L’élection de Donald Trump influencée par la Russie ?

La conspiration aurait-elle changée de camp ? Les partisans de Donald Trump ont souvent été prompts à dénoncer les complots ourdis par les administrations Obama et sa secrétaire d’État, Hillary Clinton. Un rapport de la CIA est cette fois-ci venu mettre en cause l’élection de Donald Trump, nouveau président des Etats-Unis, dont l’élection aurait été influencée par la Russie. James Dowson, un militant d’extrême-droite anglais, était au cœur d’un système visant à discréditer Hillary Clinton, adversaire de Donald Trump lors des dernières élections présidentielles américaines.

 

James Dowson est un ancien pasteur nord-irlandais. Farouchement opposé à l’avortement, il rejoint le British National Party au milieu des années 2000, avant de fonder « Britain First » (« La Grande-Bretagne d’abord » en anglais), un parti anti-immigration défendant les valeurs anglaises face à une supposée invasion islamique en Europe.

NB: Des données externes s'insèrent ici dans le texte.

(* A functional is the sum of its restrictions to the V_a, and the restriction
   to V_a lies in V^*_(-a). *)
Lemma dual_endP (f g : 'End(dualsp V)) :
  (forall c alpha b v, dual_hom Vg c alpha -> v \in Vg b -> f alpha v = g alpha v) ->
  f = g.
Proof.
move=> fg; have [s [pi [_ pi_id sum_pi]]] := graded_projections.
apply/lfunP => alpha.
have -> : alpha = \sum_(a <- s) (alpha \o pi a)%VF.
  apply/lfunP => v; rewrite sum_lfunE -{1}(sum_pi v) linear_sum.
  by apply: eq_bigr => a _; rewrite comp_lfunE.
rewrite !linear_sum; apply: eq_bigr => a _.
have alpha_pi_hom : dual_hom Vg (- a) (alpha \o pi a)%VF.
  move=> b v; rewrite opprK => nba vb.
  by rewrite comp_lfunE (pi_id a b v vb) eq_sym (negbTE nba) linear0.
by apply: graded_lfunP => b v vb; apply: fg alpha_pi_hom vb.
Qed.

Lemma dual_graded_eqfun (f g : dualsp V -> dualsp V) (F F' : 'End(dualsp V)) :
  f =1 F -> g =1 F' ->
  (forall c alpha b v, dual_hom Vg c alpha -> v \in Vg b -> f alpha v = g alpha v) ->
  f =1 g.
Proof.
move=> fF gF' fg; suff FF' : F = F' by move=> alpha; rewrite fF gF' FF'.
by apply: dual_endP => c alpha b v Halpha vb; rewrite -fF -gF'; apply: fg Halpha vb.
Qed.

End GradedSpace.

Section DualMap.
Variables (K : fieldType) (G : zmodType) (eps : G -> G -> K).
Variables (A : vectType K) (Ag : G -> {vspace A}) (V : vectType K) (Vg : G -> {vspace V}).
Variables (phi : A -> 'End(V)) (phi' : A -> 'End(dualsp V)).
Hypothesis Hphi' : is_dual_map eps Ag Vg phi phi'.

Lemma dual_mapE a c b x alpha v :
  x \in Ag a -> dual_hom Vg c alpha -> v \in Vg b ->
  phi' x alpha v = - (eps a c * alpha (phi x v)).
Proof. by move=> xa Halpha vb; have [_ /(_ b v vb)] := Hphi'.2 a c x alpha xa Halpha. Qed.

Lemma dual_map_hom a c e x alpha :
  x \in Ag a -> dual_hom Vg c alpha -> a + c = e -> dual_hom Vg e (phi' x alpha).
Proof. by move=> xa Halpha <-; have [] := Hphi'.2 a c x alpha xa Halpha. Qed.

End DualMap.

Definition lfun_evalE := (@add_lfunE, @opp_lfunE, @scale_lfunE, @comp_lfunE).

Lemma lin_mapZ (K : fieldType) (A W : vectType K) (phi : A -> 'End(W)) k x :
  lin_map phi -> phi (k *: x) = k *: phi x.
Proof.
move=> phi_lin; have phi0 : phi 0 = 0.
  have E := phi_lin 1 0 0; rewrite !scale1r addr0 in E.
  by apply: (addrI (phi 0)); rewrite addr0 -E.
by rewrite -[k *: x]addr0 phi_lin phi0 addr0.
Qed.

Lemma scale_regE (K : fieldType) (k : K) (t : K^o) : k *: t = k * t.
Proof. by []. Qed.

Section OperatorForms.
Variables (K : fieldType) (G : zmodType) (eps : G -> G -> K).
Variables (A W : vectType K) (mul br : A -> A -> A) (phi psi : A -> 'End(W)).

Lemma Rop_is_lfun a1 a2 x1 x2 :
  exists F : 'End(W), Rop eps br phi psi a1 a2 x1 x2 =1 F.
Proof.
exists (phi x1 \o psi x2 - eps a1 a2 *: (psi x2 \o phi x1) - psi (br x1 x2))%VF.
by move=> w; rewrite /Rop !lfun_evalE.
Qed.

Lemma Sop_is_lfun a1 a2 x1 x2 :
  exists F : 'End(W), Sop eps mul phi psi a1 a2 x1 x2 =1 F.
Proof.
exists (psi x1 \o phi x2 + eps a1 a2 *: (psi x2 \o phi x1) - phi (mul x1 x2))%VF.
by move=> w; rewrite /Sop !lfun_evalE.
Qed.

End OperatorForms.

Section DualRepresentation.
Variables (K : fieldType) (G : zmodType) (eps : G -> G -> K).
Hypothesis Heps : skew_bichar eps.
Variables (A : vectType K) (Ag : G -> {vspace A}) (mul br : A -> A -> A).
Hypothesis HF : F_manifold_color eps Ag mul br.
Variables (V : vectType K) (Vg : G -> {vspace V}).
Hypothesis HV : graded_space Vg.
Variables (rho mu : A -> 'End(V)) (rho' mu' : A -> 'End(dualsp V)).
Hypothesis Hrho : lie_rep eps Ag br (fun a (v : V) => v \in Vg a) rho.
Hypothesis Hmu : assoc_rep Ag mul (fun a (v : V) => v \in Vg a) mu.
Hypothesis Hrho' : is_dual_map eps Ag Vg rho rho'.
Hypothesis Hmu' : is_dual_map eps Ag Vg mu mu'.

Local Notation nmu' := (fun x => - mu' x).

Lemma epsDl a b c : eps (a + b) c = eps a c * eps b c. Proof. by case: Heps. Qed.
Lemma epsDr a b c : eps a (b + c) = eps a b * eps a c. Proof. by case: Heps. Qed.
Lemma eps_neq0 a b : eps a b != 0. Proof. by case: Heps. Qed.
Lemma epsC a b : eps b a = (eps a b)^-1.
Proof. by case: Heps => eps_nz epsK _ _; apply: (mulfI (eps_nz a b)); rewrite epsK divff. Qed.

Lemma mul_graded a b x y : x \in Ag a -> y \in Ag b -> mul x y \in Ag (a + b).
Proof. by case: HF => [[_ _ H _] _ _]; apply: H. Qed.
Lemma br_graded a b x y : x \in Ag a -> y \in Ag b -> br x y \in Ag (a + b).
Proof. by case: HF => _ [_ H _ _] _; apply: H. Qed.
Lemma rho_graded a d x v : x \in Ag a -> v \in Vg d -> rho x v \in Vg (d + a).
Proof. by case: Hrho => _ H _; apply: H. Qed.
Lemma mu_graded a d x v : x \in Ag a -> v \in Vg d -> mu x v \in Vg (d + a).
Proof. by case: Hmu => _ H _; apply: H. Qed.

Lemma Top_graded a b d x y v :
  x \in Ag a -> y \in Ag b -> v \in Vg d -> Top eps mul rho mu a b x y v \in Vg (d + a + b).
Proof.
move=> xa yb vd; rewrite /Top; apply: memvD; first apply: memvB.
- by rewrite memvN; apply/memvZ/(rho_graded yb (mu_graded xa vd)).
- by rewrite addrAC; apply: rho_graded xa (mu_graded yb vd).
- by rewrite -addrA; apply: rho_graded (mul_graded xa yb) vd.
Qed.

Lemma Pop_graded a b c x y z :
  x \in Ag a -> y \in Ag b -> z \in Ag c -> Pop eps mul br a b x y z \in Ag (a + b + c).
Proof.
move=> xa yb zc; rewrite /Pop; apply: memvB; first apply: memvB.
- by rewrite -addrA; apply: br_graded xa (mul_graded yb zc).
- exact: mul_graded (br_graded xa yb) zc.
- by apply: memvZ; rewrite addrAC addrC; apply: mul_graded yb (br_graded xa zc).
Qed.

Lemma dual_Rop a b c d x y alpha v :
  x \in Ag a -> y \in Ag b -> dual_hom Vg c alpha -> v \in Vg d ->
  Rop eps br rho' nmu' a b x y alpha v = eps (a + b) c * alpha (Rop eps br rho mu a b x y v).
Proof.
move=> xa yb Halpha vd; rewrite /Rop !lfun_evalE !linearN /= !lfun_evalE.
have mu'yalpha := dual_map_hom Hmu' yb Halpha (erefl _).
have rho'xalpha := dual_map_hom Hrho' xa Halpha (erefl _).
rewrite (dual_mapE Hrho' xa mu'yalpha vd) (dual_mapE Hmu' yb rho'xalpha vd).
rewrite (dual_mapE Hmu' (br_graded xa yb) Halpha vd).
rewrite (dual_mapE Hmu' yb Halpha (rho_graded xa vd)).
rewrite (dual_mapE Hrho' xa Halpha (mu_graded yb vd)).
rewrite !linearB !linearZ /= !scale_regE !epsDl !epsDr (epsC a b).
by field; rewrite eps_neq0.
Qed.

Lemma dual_Rop_graded a b c x y alpha :
  x \in Ag a -> y \in Ag b -> dual_hom Vg c alpha ->
  dual_hom Vg (a + b + c) (Rop eps br rho' nmu' a b x y alpha).
Proof.
move=> xa yb Halpha; rewrite /Rop !opp_lfunE linearN.
have mu'yalpha := dual_map_hom Hmu' yb Halpha (erefl _).
have rho'xalpha := dual_map_hom Hrho' xa Halpha (erefl _).
apply: dual_homB; first apply: dual_homB.
- by apply/dual_homN/(dual_map_hom Hrho' xa mu'yalpha); rewrite addrA.
- by apply/dual_homZ/dual_homN/(dual_map_hom Hmu' yb rho'xalpha); rewrite addrCA addrA.
- exact/dual_homN/(dual_map_hom Hmu' (br_graded xa yb) Halpha).
Qed.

Sa stratégie ? Utiliser internet et les réseaux sociaux pour diffuser ses idées « nous devons utiliser la culture populaire pour rentrer dans les salons de la jeunesse américaine, britannique, française ou allemande, et leur faire passer ce message ». Ce message, c’est celui du rejet de l’immigration et d’une défense du nationalisme, un discours porté par Vladimir Poutine, le président russe, en Europe.

 

Alors que la campagne présidentielle américaine n’en était qu’à ses bégayements, James Dowson partage un message à tous les contributeurs de ses sites « déversez du contenu anti-Clinton et des memes pro-Trump sur les profils de la frange de la population trop déçue de la politique pour avoir pris la peine de s’informer de quoi que ce soit des campagnes politiques classiques ». Depuis l’Angleterre, Dowson réalise une campagne de dénigrement sans précédent de Hillary Clinton, diffusant sans relâche de fausses informations sur le compte de la candidate démocrate, l’accusant d’être une meurtrière un jour, et d’avoir une doublure le lendemain. S’il est difficile de quantifier l’impact de ces actions de dénigrement, la prédominance de ces articles sur internet a indéniablement favorisé la victoire de Donald Trump, une récente étude ayant prouvé que la majorité des gens lisant des histoires fabriqués sur Facebook étaient enclins à les croire.

 

Le problème, c’est que ses histoires sont souvent montées de toutes pièces. James Dowson est un expert de la fabrication de celles-ci, destinées à influencer le résultat de l’élection américaine au profit de Vladimir Poutine, qu’il soutient inconditionnellement. Proche du pouvoir russe, M. Dowson est intervenu à une conférence rassemblant des leaders de partis d’extrême droite européens, à Saint-Pétersbourg, en Russie, en mars 2015. Il faut dire que l’élection de Trump a été une bénédiction pour le président russe, de par la volonté du républicain de laisser au Kremlin les mains libres en Syrie.

 

« Patriot News Agency » est l’un de ces sites, dont chacune des publications anti-Clinton était partagée des dizaines de milliers de fois. Relié à une galaxie de sites internet, « Patriot News Agency » a été un farouche défenseur de la candidature de Donald Trump. Ce site ne fait pas mystère de son soutien au candidat républicain. Sitôt entré sur le site, on y est invité à liker son soutien à Donald Trump. Une minute plus tard, on propose à l’internaute de voter : Trump devrait-il expulser immédiatement tous les travailleurs clandestins ? Deux choix s’offrent : répondre positivement ou fermer l’annonce. On  a connu plus démocratique.

 

Selon la CIA, des hommes politiques européens, influencés par la Russie, ont donc organisé une campagne visant à diffuser des informations fausses sur Hillary Clinton, pour la discréditer et favoriser l’élection de Donald Trump. Une chose est sûre, ces sites, pour beaucoup dirigés par James Dowson, ont eu une grande influence sur le résultat de l’élection présidentielle américaine. Lors d’une récente interview à Belgrade, où il avait rencontré des nationalistes serbes, James Dowson avait annoncé la couleur : « La ligne directrice, c’est Brexit, Trump et beaucoup plus dans le futur ».